At the heart of Tarizzo’s argument is a first-order question that has animated political philosophers of all stripes since at least Thomas Hobbes: how does a political “we” get formed out of individuals living together? Or, in other words, how is collective political will formed out of competing individual desires?

Behind this quandary lies the question of the possibility of the political itself: whether there can be—especially in modern democratic societies—a social bond that links individuals, often strangers or people with no ethnic or religious commonality, in a distinctive ethical relationship of citizenship. How, Tarizzo asks, can democratic politics sustain what Hegel called “an I that is We and We that is I”? This worry was raised by Jean-Jacques Rousseau in 1750 in his First Discourse: “We have Physicists, Geometricians, Chemists, Astronomers, Poets, Musicians, Painters; we no longer have citizens.”1 In contemporary Europe or North America, the tenor of Rousseau’s worry has become deafening. The growing clash between “populists” and “neoliberals” has reopened the debate on the very essence of democratic societies: do we need to be one people in order to keep democracy alive? And, how do we define the concept of a democratic people, anyway?

To explain how citizenship of a modern democratic sort is possible, Tarizzo draws on Jacques Lacan’s view that subjectivity should be seen as a process, a grammatical formation, rather than a substance. In practical-political terms, this means that subject-formation is a process, Tarizzo says, “whereby the invariance of the first-person perspective is secured, but the subject’s identity cannot be found.” Lacan himself did not elaborate a distinct theory of political subject formation; Tarizzo’s contribution is to show the usefulness of Lacan’s distinction between “subject” and “identity” for an understanding of the workings of modern democratic politics.

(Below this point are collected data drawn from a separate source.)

Variables (f : (nat -> R) -> R) (g : nat -> (nat -> R) -> R).
Hypothesis f_partials :
  forall i, (i < 5)%nat -> forall z, derivable_pt_lim (fun t => f (upd z i t)) (z i) (g i z).
Hypothesis partials_cont : forall i, (i < 5)%nat -> cont5 (g i).

Lemma first_order_expansion5 x eps : 0 < eps -> exists d, 0 < d /\ forall y, near5 x y d ->
  Rabs (f y - f x - sum5 (fun i => g i x * (y i - x i))) <= eps * sum5 (fun i => Rabs (y i - x i)).
Proof.
  intros he.
  destruct (partials_cont 0%nat ltac:(lia) x eps he) as [d0 [h0 D0]].
  destruct (partials_cont 1%nat ltac:(lia) x eps he) as [d1 [h1 D1]].
  destruct (partials_cont 2%nat ltac:(lia) x eps he) as [d2 [h2 D2]].
  destruct (partials_cont 3%nat ltac:(lia) x eps he) as [d3 [h3 D3]].
  destruct (partials_cont 4%nat ltac:(lia) x eps he) as [d4 [h4 D4]].
  destruct (Rmin5_pos d0 d1 d2 d3 d4 h0 h1 h2 h3 h4) as [hd [l0 [l1 [l2 [l3 l4]]]]].
  set (d := Rmin (Rmin (Rmin d0 d1) (Rmin d2 d3)) d4) in *.
  exists d; split; auto. intros y Hy.
  assert (Hstep : forall k dk, (k < 5)%nat -> d <= dk ->
    (forall z, (forall j, (j < 5)%nat -> Rabs (z j - x j) < dk) ->
               (forall j, (5 <= j)%nat -> z j = x j) -> Rabs (g k z - g k x) < eps) ->
    Rabs (f (splice x y (S k)) - f (splice x y k) - g k x * (y k - x k)) <= eps * Rabs (y k - x k)).
  { intros k dk hk hdk Dk. apply (splice_step_linear f (g k) x y k d); auto.
    intros z [Hz Hz5]. apply Dk; auto. intros j hj. specialize (Hz j hj). lra. }
  assert (W0 : splice x y 0 = x) by (apply functional_extensionality; reflexivity).
  assert (W5 : splice x y 5 = y).
  { apply functional_extensionality; intro j. unfold splice.
    destruct (Nat.ltb_spec j 5); auto. symmetry; apply (proj2 Hy); lia. }
  assert (E : f y - f x - sum5 (fun i => g i x * (y i - x i))
              = sum5 (fun k => f (splice x y (S k)) - f (splice x y k) - g k x * (y k - x k))).
  { replace (f y) with (f (splice x y 5)) by (rewrite W5; auto).
    replace (f x) with (f (splice x y 0)) by (rewrite W0; auto).
    unfold sum5; ring. }
  rewrite E. eapply Rle_trans; [apply sum5_abs|].
  pose proof (Hstep 0%nat d0 ltac:(lia) l0 D0); pose proof (Hstep 1%nat d1 ltac:(lia) l1 D1);
    pose proof (Hstep 2%nat d2 ltac:(lia) l2 D2); pose proof (Hstep 3%nat d3 ltac:(lia) l3 D3);
    pose proof (Hstep 4%nat d4 ltac:(lia) l4 D4).
  unfold sum5; lra.
Qed.

(* Write f(c(t0+h)) - f(c t0) with the first order expansion at c t0; the increments
   c(t0+h) - c t0 are O(h), so the remainder is o(h). *)
Lemma chain_rule5 (c : R -> nat -> R) (c' : nat -> R) t0 :
  (forall t j, (5 <= j)%nat -> c t j = c t0 j) ->
  (forall j, (j < 5)%nat -> derivable_pt_lim (fun t => c t j) t0 (c' j)) ->
  derivable_pt_lim (fun t => f (c t)) t0 (sum5 (fun i => g i (c t0) * c' i)).
Proof.
  intros Hc5 Hcd eps he.
  set (x := c t0).
  set (G := sum5 (fun i => Rabs (g i x))).
  set (C := sum5 (fun i => Rabs (c' i) + 1)).
  assert (hG : 0 <= G) by (apply sum5_nonneg; intros; apply Rabs_pos).
  assert (hC : forall j, (j < 5)%nat -> Rabs (c' j) + 1 <= C).
  { intros j hj. unfold C, sum5.
    pose proof (Rabs_pos (c' 0%nat)); pose proof (Rabs_pos (c' 1%nat)); pose proof (Rabs_pos (c' 2%nat));
      pose proof (Rabs_pos (c' 3%nat)); pose proof (Rabs_pos (c' 4%nat)).
    destruct j as [|[|[|[|[|j]]]]]; lra || lia. }
  assert (hC1 : 1 <= C) by (pose proof (hC 0%nat ltac:(lia)); pose proof (Rabs_pos (c' 0%nat)); lra).
  set (e1 := Rmin 1 (eps / (2 * (G + 1)))).
  assert (he1 : 0 < e1) by (apply Rmin_pos; [lra| apply Rdiv_lt_0_compat; lra]).
  destruct (difference_quotients5 c c' t0 e1 he1 Hcd) as [q [hq Q]].
  destruct (first_order_expansion5 x (eps / (4 * C))) as [d [hd D]].
  { apply Rdiv_lt_0_compat; lra. }
  assert (hdel : 0 < Rmin q (d / C)) by (apply Rmin_pos; [|apply Rdiv_lt_0_compat]; lra).
  exists (mkposreal _ hdel). intros h hh hh2. simpl in hh2.
  pose proof (Rmin_l q (d / C)); pose proof (Rmin_r q (d / C)).
  set (y := c (t0 + h)).
  assert (Qj : forall j, (j < 5)%nat -> Rabs ((y j - x j) / h - c' j) < e1)
    by (intros; apply Q; auto; lra).
  assert (Hy : near5 x y d).
  { split; [|intros; unfold y, x; apply Hc5; auto].
    intros j hj. replace (y j - x j) with (h * ((y j - x j) / h)) by (field; auto).
    rewrite Rabs_mult. apply Rle_lt_trans with (Rabs h * C).
    { apply Rmult_le_compat_l; [apply Rabs_pos|].
      apply Rle_trans with (Rabs (c' j) + 1); [|apply hC, hj].
      apply (Rabs_le_succ_of_close _ _ e1); [apply Qj; auto| apply Rmin_l]. }
    apply Rlt_le_trans with (d / C * C); [apply Rmult_lt_compat_r; lra| right; field; lra]. }
  change (Rabs ((f y - f x) / h - sum5 (fun i => g i x * c' i)) < eps).
  replace ((f y - f x) / h - sum5 (fun i => g i x * c' i))
    with (sum5 (fun i => g i x * ((y i - x i) / h - c' i))
          + (f y - f x - sum5 (fun i => g i x * (y i - x i))) / h)
    by (unfold sum5; field; auto).
  apply (sum5_quotient_error _ _ _ _ _ e1); auto; [apply Rmin_l| apply Rmin_r].
Qed.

Democracy, Tarizzo argues, flourishes when the opening between subjectivity and identity is maintained. Indeed, in Tarizzo’s view, democracy turns out to be a process of never-ending recovery from the lack of certain identity, a process that can take different propitious directions depending on the political grammar at work.



Notes

1. Jean-Jacques Rousseau, Discourse on the Sciences and Arts or First Discourse (1750), in The Discourses and Other Early Political Writings, trans. and ed. Victor Gourevitch (Cambridge: Cambridge University Press, 1997), §54, 24.